South Korean actress (born 1991)

Kim Go-eun (born July 2, 1991) is a South Korean actress. She debuted in the film Eungyo (2012), for which she won several Best New Actress awards in South Korea. She is also known for her roles in the television series Cheese in the Trap (2016), Guardian: The Lonely and Great God (2016–2017), Yumi's Cells (2021–2026), and Little Women (2022), as well as the films Coin Locker Girl (2015), Hero (2022), and Love in the Big City (2024).

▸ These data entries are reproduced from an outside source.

(* Expectation of f(x_k) - f(x^* ) when the k coordinates are drawn
   independently and uniformly from {1..n}. *)
Definition expected_gap (f : vec -> R) (x0 xs : vec) (alpha : seq 'I_n -> R)
    (k : nat) : R :=
  (n%:R ^+ k)^-1 * \sum_(s : k.-tuple 'I_n) (f (iterate x0 alpha s) - f xs).

End Defs.

From HB Require Import structures.
From mathcomp Require Import all_boot all_order all_algebra.
From mathcomp Require Import reals exp.
From mathcomp Require Import boolp classical_sets.
From mathcomp Require Import ring lra.
Set Implicit Arguments.
Unset Strict Implicit.
Unset Printing Implicit Defensive.

Import Order.TTheory GRing.Theory Num.Theory.
Local Open Scope ring_scope.
Local Notation expR := sequences.expR.

(** Along a coordinate line, strong convexity and the Lipschitz gradient make
    [f] a one-dimensional function that is strongly convex and [L]-smooth, so
    an exact line search exists, and an [eta]-accurate one still decreases [f]
    by at least [g_i(x)^2 / 4L] up to an additive [L eta^2].  Averaging over
    the coordinate and using the Polyak-Lojasiewicz bound
    [|g(x)|^2 >= 2 tau (f(x) - min f)] gives the expected contraction
    [E_(k+1) <= (1 - rho) E_k + rho eps] with [rho = tau / 2nL] and
    [eps = 2 n L^2 eta^2 / tau].  Hence [E_k <= eps + (1 - rho)^k (E_0 - eps)],
    and [(1 - rho)^k <= exp (- rho k)] makes the second term at most [eps]
    after [2 ln (E_0 / eps) / rho] iterations; each iteration costs at most
    [T_l(eta)] comparisons. *)

Section Vectors.
Variables (R : realType) (n : nat).
Implicit Types (x v : vec R n) (i : 'I_n).

Lemma dotv_add_coord v x a b i :
  dotv v (subv (add_coord x a i) (add_coord x b i)) = (a - b) * v i.
Proof.
rewrite /dotv /subv /add_coord (bigD1 i) //= big1 => [|j /negbTE ->].
  by rewrite eqxx addr0 !mulr1; ring.
by rewrite !mulr0 !addr0 subrr mulr0.
Qed.

Lemma normv_add_coord x a b i :
  normv (subv (add_coord x a i) (add_coord x b i)) = `|a - b|.
Proof.
rewrite /normv dotv_add_coord /subv /add_coord eqxx -sqrtr_sqr.
by congr Num.sqrt; rewrite !mulr1 expr2; ring.
Qed.

Lemma dotvv_ge0 v : 0 <= dotv v v.
Proof. by apply: sumr_ge0 => j _; rewrite -expr2 sqr_ge0. Qed.

Lemma normv_sqr v : normv v ^+ 2 = dotv v v.
Proof. by rewrite /normv sqr_sqrtr // dotvv_ge0. Qed.

Lemma coord_le_normv v i : `|v i| <= normv v.
Proof.
rewrite /normv -sqrtr_sqr; apply: ler_wsqrtr.
rewrite /dotv (bigD1 i) //= expr2 lerDl; apply: sumr_ge0 => j _.
by rewrite -expr2 sqr_ge0.
Qed.

Lemma add_coord0 x i : add_coord x 0 i = x.
Proof. by apply: funext => j; rewrite /add_coord mul0r addr0. Qed.

End Vectors.

Lemma increasing_lipschitz_root (R : realType) (psi : R -> R) (L lo hi : R) :
  0 < L -> (forall a b, b < a -> psi b < psi a) ->
  (forall a b, `|psi a - psi b| <= L * `|a - b|) ->
  psi lo <= 0 -> 0 <= psi hi -> exists c, psi c = 0.
Proof.
move=> L0 incr lip psi_lo psi_hi.
pose S := [set a : R | psi a <= 0]%classic.
have ubS : ubound S hi.
  by move=> a Sa; rewrite leNgt; apply/negP => /incr; rewrite /S /= in Sa; lra.
have supS : has_sup S by split; [exists lo | exists hi].
exists (sup S); set c := sup S.
have [psi_neg|psi_pos|//] := ltgtP (psi c) 0.
- pose d := - psi c / (2 * L).
  have d0 : 0 < d by rewrite /d divr_gt0 ?oppr_gt0 ?mulr_gt0.
  have Ld : L * d = - psi c / 2 by rewrite /d; field; rewrite gt_eqF.
  have Scd : S (c + d).
    rewrite /S /=; have := lip (c + d) c.
    rewrite addrAC subrr add0r (gtr0_norm d0) Ld.
    have := ler_norm (psi (c + d) - psi c); lra.
  have := sup_upper_bound supS Scd; rewrite -/c; lra.
- pose d := psi c / (2 * L).
  have d0 : 0 < d by rewrite /d divr_gt0 // mulr_gt0.
  have [e Se ce] := sup_adherent d0 supS; rewrite -/c in ce.
  have ec : e <= c by apply: sup_upper_bound.
  have Ld : L * d = psi c / 2 by rewrite /d; field; rewrite gt_eqF.
  have := lip c e; rewrite (ger0_norm (_ : 0 <= c - e)) ?subr_ge0 //.
  have := ler_norm (psi c - psi e); rewrite /S /= in Se.
  have : L * (c - e) < L * d by rewrite ltr_pM2l //; lra.
  lra.
Qed.

Lemma strongly_monotone_lipschitz_root (R : realType) (psi : R -> R) (tau L : R) :
  0 < tau -> 0 < L ->
  (forall a b, tau * (a - b) ^+ 2 <= (psi a - psi b) * (a - b)) ->
  (forall a b, `|psi a - psi b| <= L * `|a - b|) ->
  exists c, psi c = 0.
Proof.
move=> tau0 L0 mon lip.
have incr a b : b < a -> psi b < psi a.
  move=> ba; have := mon a b; rewrite expr2.
  have : 0 < tau * ((a - b) * (a - b)) by rewrite !mulr_gt0 // subr_gt0.
  nra.
(* strong monotonicity brackets the root by [+-|psi 0| / tau] *)
pose u := `|psi 0| / tau.
have tau_u : tau * u = `|psi 0| by rewrite /u mulrC divfK // gt_eqF.
have u0 : 0 <= u by rewrite /u divr_ge0 // ltW.
have := ler_norm (psi 0); have := ler_norm (- psi 0); rewrite normrN => n1 n2.
apply: (increasing_lipschitz_root L0 incr lip (lo := - u) (hi := u)).
- have := mon 0 (- u); rewrite expr2 sub0r opprK.
  have [u_eq0|u_neq0] := eqVneq u 0.
    by move: tau_u; rewrite u_eq0 oppr0 mulr0; lra.
  have : 0 < u by rewrite lt_def u_neq0.
  nra.
- have := mon u 0; rewrite expr2 subr0.
  have [u_eq0|u_neq0] := eqVneq u 0.
    by move: tau_u; rewrite u_eq0 mulr0; lra.
  have : 0 < u by rewrite lt_def u_neq0.
  nra.
Qed.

For her performance in Exhuma (2024), Kim won several notable accolades, including the Baeksang Arts Awards and Blue Dragon Film Awards.

==Early life and education==
Kim was born in on July 2, 1991, in Seoul, South Korea. In 1994, at the age of three, she moved with her family to Beijing, China, where she lived for ten years and became fluent in Mandarin. After watching Chen Kaige's Together multiple times, Kim decided to pursue a career in filmmaking, which ultimately led her to theater. She remarked, "When I stood on the stage for the first time, I was so nervous that I thought it would be so hard if I had to do this for the rest of my life. But from my second performance, I felt ecstatic, as if I had wings on my back, and I never wanted to step off the stage. I keep on acting because I want to hold on to that feeling".

Upon returning to South Korea, she attended Kaywon High School of the Arts. After graduation, she enrolled in the School of Drama at Korea National University of Arts as part of the Department of Acting's Class of 2010. Her peers from the same cohort included Ahn Eun-jin, Lee Yoo-young, Park So-dam, Lee Sang-yi, Kim Sung-cheol, Lee Hwi-jong, and Cha Seo-won.

==Career==
===2012: A Muse and critical acclaim===
She made her acting debut during her college years in Jung Ji-woo's film A Muse. Kim had no prior experience in film or television, having only participated in student productions and school plays. She met director Jung through mutual friends and was unaware that auditions were being held. "I ended up having an audition after chatting with the director. There wasn't even any time for me to prepare", Kim recalled. Ultimately, she was selected from among approximately 300 actresses who auditioned for the role.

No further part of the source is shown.